The vast imperial chessboard on which the two superpowers of the day manoeuvred for advantage stretched from the snow-capped Caucasus in the west to Tibet and China in the east. When play first began, the frontiers of Russia and British India lay some 2,000 miles apart. By the end, the gap had shrunk in places to less than 20 miles.
This book tells the story of the Great Game, one of the most romantic episodes in modern history, through the adventures and misadventures of those who took part in it on either side. Some travelled on their shadowy missions in disguise, as holy men or native horse-traders, while others set out in full regimentals. It was always a dangerous game, and some never returned.
As the Russians pushed forward their frontiers the British became convinced that they would not halt until India, the richest of all imperial prizes, was theirs. Soon the Tsar’s empire was expanding at some fifty-five square miles a day, as one by one the khanates and caravan towns of the old Silk Road fell to the fast-riding Cossacks, ever in the van of the Russian advance. At times war seemed inevitable.

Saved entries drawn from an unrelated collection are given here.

(* Let $k,n$ be integers with $2\le k\le n-2$. Then, as polynomials in $t$, $$i(\mathrm{Sp}_{k,n},t)=i(\mathrm{Sp}_{n-k,n},t)=i(U_{k,n},t)-i(T_{k,n},t-1).$$
   Context: For $S,T\subseteq[n]$, write $T\le S$ if $|T|=|S|$ and the $i$-th smallest element of $T$ is at most the $i$-th smallest element of $S$ for each $i$. The Schubert matroid $\mathrm{SM}_n(S)$ is the matroid on $[n]$ with bases $\{T\subseteq[n]:T\le S\}$. For a matroid $M$ on $[n]$, $i(M,t)$ is the Ehrhart polynomial of its matroid polytope $\mathrm{conv}\{\sum_{b\in B}e_b: B\text{ a basis}\}$ (the polynomial counting lattice points in the $t$-th dilate for positive integers $t$), and $i(M,t-1)$ is this polynomial evaluated at $t-1$. $U_{k,n}=\mathrm{SM}_n(\{n-k+1,\dots,n\})$; $T_{k,n}=\mathrm{SM}_n(\{2,3,\dots,k,n\})$; $\mathrm{Sp}_{k,n}=\mathrm{SM}_n(\{k\}\cup\{k+2,\dots,n\})$. *)

From HB Require Import structures.
From mathcomp Require Import all_boot all_order all_algebra.
Set Implicit Arguments. Unset Strict Implicit. Unset Printing Implicit Defensive.
Import Order.TTheory GRing.Theory Num.Theory.
Local Open Scope ring_scope.

(* Ground set [n] = {1,...,n} is modelled by 'I_n, element i : 'I_n standing
   for i.+1.  A "matroid" is given by its family of bases, a predicate on
   {set 'I_n}. *)

Definition sorted_elems (n : nat) (T : {set 'I_n}) : seq nat :=
  sort leq [seq (val i).+1 | i <- enum T].

Definition gale_le (n : nat) (T S : {set 'I_n}) : bool :=
  (#|T| == #|S|)%N && all2 leq (sorted_elems T) (sorted_elems S).

Definition SM (n : nat) (S : {set 'I_n}) : pred {set 'I_n} :=
  fun T => gale_le T S.

Definition Ukn (k n : nat) : pred {set 'I_n} :=
  SM [set i : 'I_n | (n - k + 1 <= (val i).+1)%N].
Definition Tkn (k n : nat) : pred {set 'I_n} :=
  SM [set i : 'I_n | (2 <= (val i).+1 <= k)%N || ((val i).+1 == n)].
Definition Spkn (k n : nat) : pred {set 'I_n} :=
  SM [set i : 'I_n | ((val i).+1 == k) || (k + 2 <= (val i).+1)%N].

(* x : Z^n lies in the t-th dilate of the matroid polytope
   conv{ e_B : B basis }: x = sum_B lam_B e_B with lam_B >= 0 and
   sum_B lam_B = t. *)
Definition in_dilate (n : nat) (bases : pred {set 'I_n}) (t : nat)
    (x : {ffun 'I_n -> int}) : Prop :=
  exists lam : {set 'I_n} -> rat,
    (forall B, 0 <= lam B) /\
    (\sum_(B | bases B) lam B = t%:R) /\
    (forall i : 'I_n, (x i)%:~R = \sum_(B | bases B) lam B * (i \in B)%:R).

Definition lattice_count (n : nat) (bases : pred {set 'I_n}) (t c : nat)
  : Prop :=
  exists s : seq {ffun 'I_n -> int},
    uniq s /\ (forall x, x \in s <-> in_dilate bases t x) /\ size s = c.

Definition ehrhart_poly (n : nat) (bases : pred {set 'I_n}) (p : {poly rat})
  : Prop :=
  forall t : nat, (0 < t)%N ->
    exists c : nat, lattice_count bases t c /\ p.[t%:R] = c%:R.

Arguments Ukn k n : clear implicits.
Arguments Tkn k n : clear implicits.
Arguments Spkn k n : clear implicits.

From HB Require Import structures.
From mathcomp Require Import all_boot all_order all_algebra.
From mathcomp Require Import zify.
Set Implicit Arguments. Unset Strict Implicit. Unset Printing Implicit Defensive.

(* All four matroids are Schubert matroids SM_n(S) with
   S = {a-m+1, ..., a} u {n-r+m+1, ..., n}, whose bases are the r-sets meeting
   {1, ..., a} in at least m elements.  Their polytopes have the integer
   decomposition property, so the lattice points of the t-th dilate are the
   x in {0..t}^n with sum r t and x_1 + ... + x_a >= m t.  Writing N(d, t, s)
   for the number of points of {0..t}^d with coordinate sum s, this gives
     i(U_{k,n}, t) = N(n, t, k t),
     i(T_{k,n}, t) = sum_w N(k, t, w) N(n-k, t, w),
     i(Sp_{n-k,n}, t) = sum_(w >= t) N(n-k, t, w) N(k, t, k t - w),
   and reflecting x |-> t - x shows i(Sp_{k,n}, t) = i(Sp_{n-k,n}, t).
   Splitting N(n, t, k t) according to whether the first n-k coordinates sum to
   at least t yields the identity, the other part being i(T_{k,n}, t-1).
   Polynomiality comes from N(d, t, c t + s) being a polynomial in (s, t) for
   0 < s <= t, by induction on d using sums of powers. *)

Fixpoint box (d t : nat) : seq (seq nat) :=
  if d is d'.+1 then [seq v :: y | v <- iota 0 t.+1, y <- box d' t] else [:: [::]].

Definition nbox d t N := \sum_(y <- box d t) (sumn y == N).

Lemma boxS d t : box d.+1 t = [seq v :: y | v <- iota 0 t.+1, y <- box d t].
Proof. by []. Qed.

Lemma mem_box d t y : (y \in box d t) = (size y == d) && all (fun v => v <= t) y.
Proof.
elim: d y => [|d IH] y; first by case: y.
rewrite boxS; apply/allpairsP/idP.
  case=> [[v z] [hv hz ->]]; move: hz hv; rewrite IH mem_iota /= => /andP[/eqP-> ->] hv.
  by rewrite eqxx andbT; lia.
case: y => [|v y] //= /andP[hs /andP[hv ha]]; exists (v, y); split => //=.
  by rewrite -[_ :: _]/(iota 0 t.+1) mem_iota; lia.
by rewrite IH -eqSS hs.
Qed.

Lemma size_box d t y : y \in box d t -> size y = d.
Proof. by rewrite mem_box => /andP[/eqP]. Qed.

Lemma box_uniq d t : uniq (box d t).
Proof.
elim: d => [|d IH] //; rewrite boxS; apply: allpairs_uniq => //; first exact: iota_uniq.
by move=> [v1 y1] [v2 y2] _ _ /= [-> ->].
Qed.

Lemma big_box_cat a b t (F : seq nat -> nat) :
  \sum_(y <- box (a + b) t) F y = \sum_(y1 <- box a t) \sum_(y2 <- box b t) F (y1 ++ y2).
Proof.
elim: a F => [|a IH] F; first by rewrite add0n /= big_seq1.
by rewrite addSn !boxS !big_allpairs_dep; apply: eq_bigr => v _; rewrite IH.
Qed.

Lemma nbox0 t N : nbox 0 t N = (N == 0).
Proof. by rewrite /nbox /= big_seq1 eq_sym. Qed.

Lemma nboxS d t N : nbox d.+1 t N = \sum_(v < t.+1 | v <= N) nbox d t (N - v).
Proof.
rewrite /nbox boxS big_allpairs_dep.
rewrite -(big_mkord (fun v => v <= N) (fun v => nbox d t (N - v))) /index_iota subn0.
rewrite [RHS]big_mkcond /=; apply: eq_bigr => v _; case: ifP => hv.
  by apply: eq_bigr => y _; congr nat_of_bool; apply/eqP/eqP; lia.
by rewrite big1 // => y _; case: eqP => //; lia.
Qed.

Lemma nbox_sum0 d t : nbox d t 0 = 1.
Proof.
elim: d => [|d IH]; first by rewrite nbox0.
by rewrite nboxS big_mkcond big_ord_recl /= IH big1.
Qed.

Lemma nbox_eq0 d t N : d * t < N -> nbox d t N = 0.
Proof.
elim: d N => [|d IH] N hN; first by rewrite nbox0; case: N hN.
rewrite nboxS big1 // => v hv; apply: IH.
by have := ltn_ord v; rewrite mulSn in hN; lia.
Qed.

Lemma nbox_widenS d t N : N <= t -> nbox d t N = nbox d t.+1 N.
Proof.
elim: d N => [|d IH] N hN; first by rewrite !nbox0.
rewrite !nboxS big_mkcond [RHS]big_mkcond [RHS]big_ord_recr /= leqNgt ltnS hN /= addn0.
by apply: eq_bigr => v _; case: ifP => // hv; rewrite IH //; lia.
Qed.

Lemma nbox_widen d t j N : N <= t -> nbox d t N = nbox d (t + j) N.
Proof.
move=> hN; elim: j => [|j IH]; first by rewrite addn0.
by rewrite IH addnS nbox_widenS //; lia.
Qed.

(* Reflection [v |-> t - v] of every coordinate. *)
Lemma nbox_sym d t N : N <= d * t -> nbox d t N = nbox d t (d * t - N).
Proof.
elim: d N => [|d IH] N hN; first by move: hN; rewrite mul0n leqn0 => /eqP->.
rewrite !nboxS big_mkcond [RHS]big_mkcond [RHS](reindex_inj rev_ord_inj) /=.
rewrite mulSn in hN *; apply: eq_bigr => v _; have hvt := ltn_ord v.
case: (leqP v N) => hv.
  case: (leqP (N - v) (d * t)) => h2.
    by rewrite ifT; [rewrite IH //; congr nbox | ]; lia.
  by rewrite ifF ?nbox_eq0 //; apply/negbTE; lia.
by rewrite ifT ?nbox_eq0 //; lia.
Qed.

Definition nbox_split a b t N L :=
  \sum_(N1 < N.+1 | L <= N1) nbox a t N1 * nbox b t (N - N1).

Lemma sum_by_value (T : Type) (s : seq T) (f : T -> nat) (G : nat -> nat) M :
  (forall v, M <= v -> G v = 0) ->
  \sum_(y <- s) G (f y) = \sum_(v < M) (\sum_(y <- s) (f y == v)) * G v.
Proof.
move=> hG; under [RHS]eq_bigr do rewrite big_distrl /=.
rewrite exchange_big /=; apply: eq_bigr => y _.
case: (ltnP (f y) M) => h.
  rewrite (bigD1 (Ordinal h)) //= eqxx mul1n big1 ?addn0 // => v hv.
  by rewrite (_ : (f y == v) = false) ?mul0n //; apply: contraNF hv => /eqP e; apply/eqP/val_inj.
rewrite hG // big1 // => v _; rewrite (_ : (f y == v) = false) ?mul0n //.
by apply/negbTE; have := ltn_ord v; lia.
Qed.

Lemma nbox_splitE a b t N L :
  \sum_(y <- box (a + b) t) ((sumn y == N) && (L <= sumn (take a y))) = nbox_split a b t N L.
Proof.
pose G s := (L <= s) * (s <= N) * nbox b t (N - s).
rewrite big_box_cat (eq_big_seq (fun y => G (sumn y))); last first.
  move=> y1 hy1; rewrite /G /nbox big_distrr /=; apply: eq_bigr => y2 _.
  rewrite take_size_cat ?(size_box hy1) // sumn_cat.
  case: (leqP L (sumn y1)); case: (leqP (sumn y1) N) => h1 h2 /=;
    rewrite ?mul1n ?mul0n ?andbT ?andbF //.
    by congr nat_of_bool; apply/eqP/eqP; lia.
  by case: eqP => //; lia.
rewrite (@sum_by_value _ _ sumn G N.+1); last first.
  by move=> v hv; rewrite /G (_ : (v <= N) = false) ?muln0 ?mul0n //; lia.
rewrite /nbox_split [RHS]big_mkcond; apply: eq_bigr => v _; rewrite -/(nbox a t v) /G.
have := ltn_ord v; rewrite ltnS => ->; rewrite muln1.
by case: (L <= v); rewrite ?mul1n ?mul0n ?muln0.
Qed.

Lemma nbox_add a b t N : nbox (a + b) t N = nbox_split a b t N 0.
Proof. by rewrite -nbox_splitE; apply: eq_bigr => y _; rewrite andbT. Qed.

Definition nbox_dot a b t := \sum_(w < t.+1) nbox a t w * nbox b t w.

To the young officers and others on either side who were chosen to play the Great Game it was the stuff of dreams. Here was the chance to escape the monotony of garrison life, and perhaps win promotion, glory – or even a place in the imperial history books. It was their task to fill in the blanks on the staff maps, discover possible invasion routes, gather political intelligence, befriend powerful khans, and report on the movements of the other side.
The Great Game’s violent aftermath haunts us even now. The overthrow of Asian rulers, the storming of embassies, inglorious retreats from Afghanistan, and blood-letting in the Caucasus – all these were familiar to Victorian newspaper readers. Today, with the whole future of Russia’s vast Central Asian empire in doubt, the enthralling story of the Great Game is an ominously topical one.